The change was made in the face of a “hostile” Republican-led Legislature that had undermined a previous ballot drive, Jayaraman said. But now that Democrats have majorities in Lansing, they could “close any loopholes.”
Organizers will appeal the canvassers’ decision and "feel supremely confident" the proposal will make the ballot even if they need to take the fight all the way to the Michigan Supreme Court, she said.
Jayaraman called Friday's vote a "partisan attempt to stop democracy."
Both Democrats on the four-member board voted to certify the petition, arguing that questions over the petition summary and modified definition of employer were not within their purview and should be decided by courts.

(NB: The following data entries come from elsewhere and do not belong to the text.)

Lemma G_term_abs_le (t : R) (n : nat) : Rabs (G_term t (S n)) <= 176 * exp t * G_ratio t ^ S n.
Proof.
  rewrite G_term_eq. set (E := exp (4 * t)).
  assert (HE : 0 < E) by apply exp_pos. pose proof PI_RGT_0.
  assert (HN : 1 <= INR (S n)) by (rewrite S_INR; pose proof (pos_INR n); lra).
  assert (Hv : INR (S n) * E <= INR (S n) ^ 2 * E) by (apply Rmult_le_compat_r; nra).
  rewrite Rabs_mult, (Rabs_pos_eq (exp t)) by (left; apply exp_pos).
  replace (176 * exp t * G_ratio t ^ S n) with (exp t * (176 * G_ratio t ^ S n)) by ring.
  apply Rmult_le_compat_l; [left; apply exp_pos |].
  eapply Rle_trans; [apply G_profile_abs_le; nra |].
  apply Rmult_le_compat_l; [lra |].
  unfold G_ratio. rewrite <- exp_INR_mult. apply exp_le_compat. fold E. nra.
Qed.

Lemma G_term_nonneg (t : R) (n : nat) : 0 <= t -> 0 <= G_term t (S n).
Proof.
  intros Ht. rewrite G_term_eq. apply Rmult_le_pos; [left; apply exp_pos |].
  left; apply G_profile_pos.
  assert (1 <= exp (4 * t)) by (rewrite <- exp_0; apply exp_le_compat; lra).
  assert (1 <= INR (S n)) by (rewrite S_INR; pose proof (pos_INR n); lra).
  nra.
Qed.

Lemma is_series_scal_pow_S (K q : R) :
  Rabs q < 1 -> is_series (fun n => K * q ^ S n) (K * (q / (1 - q))).
Proof.
  intros Hq. apply (is_series_scal_l K (fun n => q ^ S n)).
  apply (is_series_ext (fun n => q * q ^ n)); [reflexivity |].
  apply (is_series_scal_l q (fun n => q ^ n)), is_series_geom, Hq.
Qed.
Definition vadd (x s : list Z) : list Z := map (fun p => (fst p + snd p)%Z) (combine x s).

Lemma length_vadd x s : length x = length s -> length (vadd x s) = length x.
Proof. intros H. unfold vadd. rewrite length_map, length_combine, H. lia. Qed.

Lemma vadd_bnd x s k R : length x = length s -> Forall (in_range k) x -> Forall (in_range R) s ->
  Forall (in_range (k + R)) (vadd x s).
Proof.
  revert s; induction x as [|a x IH]; intros [|b s] Hl Hx Hs; simpl in *;
  try discriminate; constructor; inversion Hx; inversion Hs; subst.
  - unfold in_range in *. simpl. lia.
  - apply IH; auto.
Qed.

Lemma vadd_inj x s s' : length s = length x -> length s' = length x ->
  vadd x s = vadd x s' -> s = s'.
Proof.
  revert s s'; induction x as [|a x IH]; intros [|b s] [|b' s'] H1 H2 H;
  simpl in *; try discriminate; auto.
  inversion H. f_equal; [lia | apply IH; auto].
Qed.

Lemma vadd_eq_vsub x y s s' : length s = length x -> length s' = length x ->
  length y = length x -> vadd x s = vadd y s' -> vsub x y = vsub s' s.
Proof.
  revert y s s'; induction x as [|a x IH]; intros [|c y] [|b s] [|b' s'] H1 H2 H3 H;
  simpl in *; try discriminate; auto.
  inversion H. unfold vsub in *. simpl. f_equal; [lia | apply IH; auto].
Qed.

Lemma vsub_sums_le a b : length a = length b ->
  (pos_sum (vsub b a) <= pos_sum b + neg_sum a /\
   neg_sum (vsub b a) <= neg_sum b + pos_sum a)%Z.
Proof.
  revert b; induction a as [|x a IH]; intros [|y b] H; simpl in *; try discriminate.
  - unfold vsub; simpl; lia.
  - unfold vsub in *. simpl. destruct (IH b) as [H1 H2]; auto. lia.
Qed.

Lemma NoDup_code_translates m d rp rn (Cw Sl : list (list Z)) :
  (rp + rn < d)%nat -> NoDup Cw -> NoDup Sl ->
  (forall x, In x Cw -> length x = m) ->
  (forall x y, In x Cw -> In y Cw -> x <> y -> (Z.of_nat d <= d_a x y)%Z) ->
  (forall s, In s Sl ->
     length s = m /\ (pos_sum s <= Z.of_nat rp)%Z /\ (neg_sum s <= Z.of_nat rn)%Z) ->
  NoDup (flat_map (fun x => map (vadd x) Sl) Cw).
Proof.
  intros Hr HCw HSl HlC Hd HS. apply NoDup_flat_map; auto.
  - intros x Hx. apply NoDup_map_NoDup_ForallPairs; auto.
    intros s s' Hs Hs' E. apply (vadd_inj x); rewrite ?(HlC x Hx); auto.
    + now destruct (HS s Hs).
    + now destruct (HS s' Hs').
  - intros x y b Hx Hy Hbx Hby. apply in_map_iff in Hbx, Hby.
    destruct Hbx as [s [Es Hs]], Hby as [s' [Es' Hs']].
    destruct (classic (x = y)) as [|Hne]; auto. exfalso.
    destruct (HS s Hs) as [Hls [Hps Hns]], (HS s' Hs') as [Hls' [Hps' Hns']].
    pose proof (Hd x y Hx Hy Hne) as Hdist.
    assert (E : vsub x y = vsub s' s).
    { pose proof (HlC x Hx). pose proof (HlC y Hy). apply vadd_eq_vsub; congruence. }
    unfold d_a in Hdist. rewrite E in Hdist.
    destruct (vsub_sums_le s s') as [P1 P2]; [congruence|]. lia.
Qed.

Lemma decP_true P : decP P = true -> P.
Proof. unfold decP. destruct (excluded_middle_informative P); auto. discriminate. Qed.

Lemma count_in_box_mul_S_card_le m C d rp rn k : is_code m C -> min_dist C d ->
  (rp + rn < d)%nat ->
  (count_in_box m C k * S_card m rp rn <= (2 * (k + (rp + rn)) + 1) ^ m)%nat.
Proof.
  intros Hc [Hd _] Hr.
  set (Cw := filter (fun x => decP (C x)) (box m k)).
  set (Sl := filter (fun x => Z.leb (pos_sum x) (Z.of_nat rp) && Z.leb (neg_sum x) (Z.of_nat rn))%bool
                    (box m (rp + rn))).
  change (length Cw * length Sl <= (2 * (k + (rp + rn)) + 1) ^ m)%nat.
  rewrite <- (flat_map_constant_length (fun x => map (vadd x) Sl)), <- length_box
    by (intros; apply length_map).
  assert (HCw : forall x, In x Cw -> (length x = m /\ Forall (in_range k) x) /\ C x).
  { intros x Hx. apply filter_In in Hx. split; [apply in_box | apply decP_true]; tauto. }
  assert (HSl : forall s, In s Sl -> (length s = m /\ Forall (in_range (rp + rn)) s) /\
     (pos_sum s <= Z.of_nat rp)%Z /\ (neg_sum s <= Z.of_nat rn)%Z).
  { intros s Hs. apply filter_In in Hs. rewrite in_box, Bool.andb_true_iff, !Z.leb_le in Hs.
    tauto. }
  apply NoDup_incl_length.
  - apply (NoDup_code_translates m d rp rn); auto; try (apply NoDup_filter, NoDup_box).
    + intros x Hx. apply HCw; auto.
    + intros x y Hx Hy. apply Hd; apply HCw; auto.
    + intros s Hs. destruct (HSl s Hs) as [[? _] ?]. auto.
  - intros b Hb. apply in_flat_map in Hb. destruct Hb as [x [Hx Hb]].
    apply in_map_iff in Hb. destruct Hb as [s [<- Hs]].
    destruct (HCw x Hx) as [[Hlx Bx] _], (HSl s Hs) as [[Hls Bs] _].
    apply in_box. split.
    + rewrite length_vadd; congruence.
    + apply vadd_bnd; auto. congruence.
Qed.

Open Scope R_scope.

Lemma pow_1_plus_le m x : 0 <= x <= 1 -> (1 + x) ^ m <= 1 + (2 ^ m - 1) * x.
Proof.
  intros Hx. induction m as [|m IH]; simpl; [lra|].
  assert (H2m : 1 <= 2 ^ m) by (apply pow_R1_Rle; lra).
  assert (H1 : (1 + x) * (1 + x) ^ m <= (1 + x) * (1 + (2 ^ m - 1) * x))
    by (apply Rmult_le_compat_l; lra).
  assert (H2 : (2 ^ m - 1) * (x * x) <= (2 ^ m - 1) * x)
    by (apply Rmult_le_compat_l; nra).
  nra.
Qed.

Lemma Rdiv_lt_of_lt_mul a b c : 0 < b -> a < c * b -> a / b < c.
Proof.
  intros Hb H. apply Rmult_lt_reg_r with b; [lra|].
  unfold Rdiv. rewrite Rmult_assoc, Rinv_l, Rmult_1_r by lra. lra.
Qed.

Lemma limsup_le_of_le_inv (u : nat -> R) mu a b N0 : 0 <= b ->
  (forall n, (n >= N0)%nat -> u n <= a + b / (INR n + 1)) -> is_limsup u mu -> mu <= a.
Proof.
  intros Hb Hu Hl. destruct (Rle_or_lt mu a) as [|Hlt]; auto. exfalso.
  set (eps := (mu - a) / 2). assert (He : eps > 0) by (unfold eps; lra).
  destruct (INR_unbounded (b / eps)) as [N1 HN1].
  destruct (proj2 (Hl eps He) (max N0 N1)) as [n [Hn Hun]].
  pose proof (Hu n ltac:(lia)) as Hun'.
  assert (Hbn : b < eps * (INR n + 1)).
  { pose proof (le_INR N1 n ltac:(lia)). replace b with (eps * (b / eps)) by (field; lra).
    apply Rmult_lt_compat_l; lra. }
  assert (b / (INR n + 1) < eps) by (apply Rdiv_lt_of_lt_mul; [pose proof (pos_INR n) |]; lra).
  unfold eps in *. lra.
Qed.

Lemma INR_S_card_pos m rp rn : 0 < INR (S_card m rp rn).
Proof. rewrite S_card_eq_ball_size. apply lt_0_INR, ball_size_gt0_Nat. Qed.
(* Let $C$ be a program of the probabilistic guarded command language pProgs, let $k\in\mathbb{R}_{\geq 0}$ with $\mathbf{k}=\lambda\sigma.\,k$ the corresponding constant run-time, let $r\in\mathbb{R}_{\geq 0}$, and let $f,g\in\mathbb{T}$ be run-times. Then: (1) (Monotonicity) $f\preceq g$ implies $\mathsf{ert}[C](f)\preceq\mathsf{ert}[C](g)$; (2) (Propagation of constants) if $C$ is $\mathtt{halt}$-free, then $\mathsf{ert}[C](\mathbf{k}+f)=\mathbf{k}+\mathsf{ert}[C](f)$; (3) (Preservation of $\infty$) if $C$ is $\mathtt{halt}$-free, then $\mathsf{ert}[C](\boldsymbol{\infty})=\boldsymbol{\infty}$, where $\boldsymbol{\infty}=\lambda\sigma.\,\infty$; (4) (Sub-additivity) if $C$ is fully probabilistic (contains no non-deterministic choice $\{C_1\}\,\square\,\{C_2\}$), then $\mathsf{ert}[C](f+g)\preceq\mathsf{ert}[C](f)+\mathsf{ert}[C](g)$; (5) (Scaling) $\mathsf{ert}[C](r\cdot f)\succeq\min\{1,r\}\cdot\mathsf{ert}[C](f)$ and $\mathsf{ert}[C](r\cdot f)\preceq\max\{1,r\}\cdot\mathsf{ert}[C](f)$.
   Context: Programs $C\in$ pProgs are generated by the grammar $C ::= \mathtt{empty} \mid \mathtt{skip} \mid \mathtt{halt} \mid x :\approx \mu \mid C;C \mid \{C\}\,\square\,\{C\} \mid \mathtt{if}\,(\xi)\,\{C\}\,\mathtt{else}\,\{C\} \mid \mathtt{while}\,(\xi)\,\{C\}$, where $x$ is a program variable, $\mu$ a distribution expression and $\xi$ a distribution expression over truth values (probabilistic guard). A program state $\sigma$ maps program variables to values; $\Sigma$ is the set of states. Each distribution expression $\mu$ has an interpretation $[\![\mu]\!]:\Sigma\to\mathcal{D}(\mathsf{Vals})$ assigning to each state a discrete probability distribution of total mass 1 over values; $[\mu:v](\sigma)$ denotes the probability that $[\![\mu]\!](\sigma)$ assigns to $v$, so $[\xi:\mathsf{false}]=1-[\xi:\mathsf{true}]$. Run-times are the functions $\mathbb{T}=\{f\mid f:\Sigma\to\mathbb{R}_{\geq0}\cup\{\infty\}\}$, ordered pointwise by $f\preceq g$ iff $f(\sigma)\le g(\sigma)$ for all $\sigma$; arithmetic on run-times is pointwise (with $0\cdot\infty=0$). The expected run-time transformer $\mathsf{ert}[C]:\mathbb{T}\to\mathbb{T}$ is defined by: $\mathsf{ert}[\mathtt{empty}](f)=f$; $\mathsf{ert}[\mathtt{skip}](f)=\mathbf{1}+f$; $\mathsf{ert}[\mathtt{halt}](f)=\mathbf{0}$; $\mathsf{ert}[x:\approx\mu](f)=\mathbf{1}+\lambda\sigma.\sum_v [\![\mu]\!](\sigma)(v)\cdot f(\sigma[x/v])$; $\mathsf{ert}[C_1;C_2](f)=\mathsf{ert}[C_1](\mathsf{ert}[C_2](f))$; $\mathsf{ert}[\{C_1\}\square\{C_2\}](f)=\max\{\mathsf{ert}[C_1](f),\mathsf{ert}[C_2](f)\}$ (pointwise); $\mathsf{ert}[\mathtt{if}(\xi)\{C_1\}\mathtt{else}\{C_2\}](f)=\mathbf{1}+[\xi:\mathsf{true}]\cdot\mathsf{ert}[C_1](f)+[\xi:\mathsf{false}]\cdot\mathsf{ert}[C_2](f)$; $\mathsf{ert}[\mathtt{while}(\xi)\{C'\}](f)=\mathrm{lfp}\,X.\ \mathbf{1}+[\xi:\mathsf{false}]\cdot f+[\xi:\mathsf{true}]\cdot\mathsf{ert}[C'](X)$ (least fixed point w.r.t. $\preceq$). Here $\mathbf{c}=\lambda\sigma.\,c$ denotes a constant run-time. *)

From HB Require Import structures.
From mathcomp Require Import all_boot all_order all_algebra.
From mathcomp Require Import all_classical all_reals.
From mathcomp Require Import ereal esum.
Set Implicit Arguments. Unset Strict Implicit. Unset Printing Implicit Defensive.
Import Order.TTheory GRing.Theory Num.Theory.
Local Open Scope ring_scope.
Local Open Scope classical_set_scope.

The Michigan Supreme Court is already considering whether the state’s 2018 Republican-led Legislature violated the constitution by adopting and then quickly weakening separate minimum wage and paid sick leave initiatives to keep them off the ballot that year.
The new Raise the Wage ballot proposal is a "sloppy, haphazard scheme" that has "no place on the ballot," said John Sellek, a spokesperson for the Michigan Opportunity opposition group.
Friday's board deadlock was the latest drama involving the initiative.
Organizers initially wanted to put the measure on the 2022 ballot but a petition signature scandal that disqualified several gubernatorial candidates also slowed the wage group’s collection efforts.
The signature collection effort was also delayed when courts required the ballot committee to increase the size of a union printing label on its initial petition form because it did not comply with required font size rules.
The group ultimately submitted 567,934 voter signatures, but the Michigan Bureau of Elections estimated 360,309 were valid, just topping the 340,047 that were required to advance the measure to the Legislature and qualify for the ballot.
Separately, canvassers on Friday approved for circulation new petitions seeking to force recall elections for Democratic state Reps. Noah Arbit of West Bloomfield and Betsey Coffia of Traverse City because of their votes for so-called "red flag" gun confiscation laws.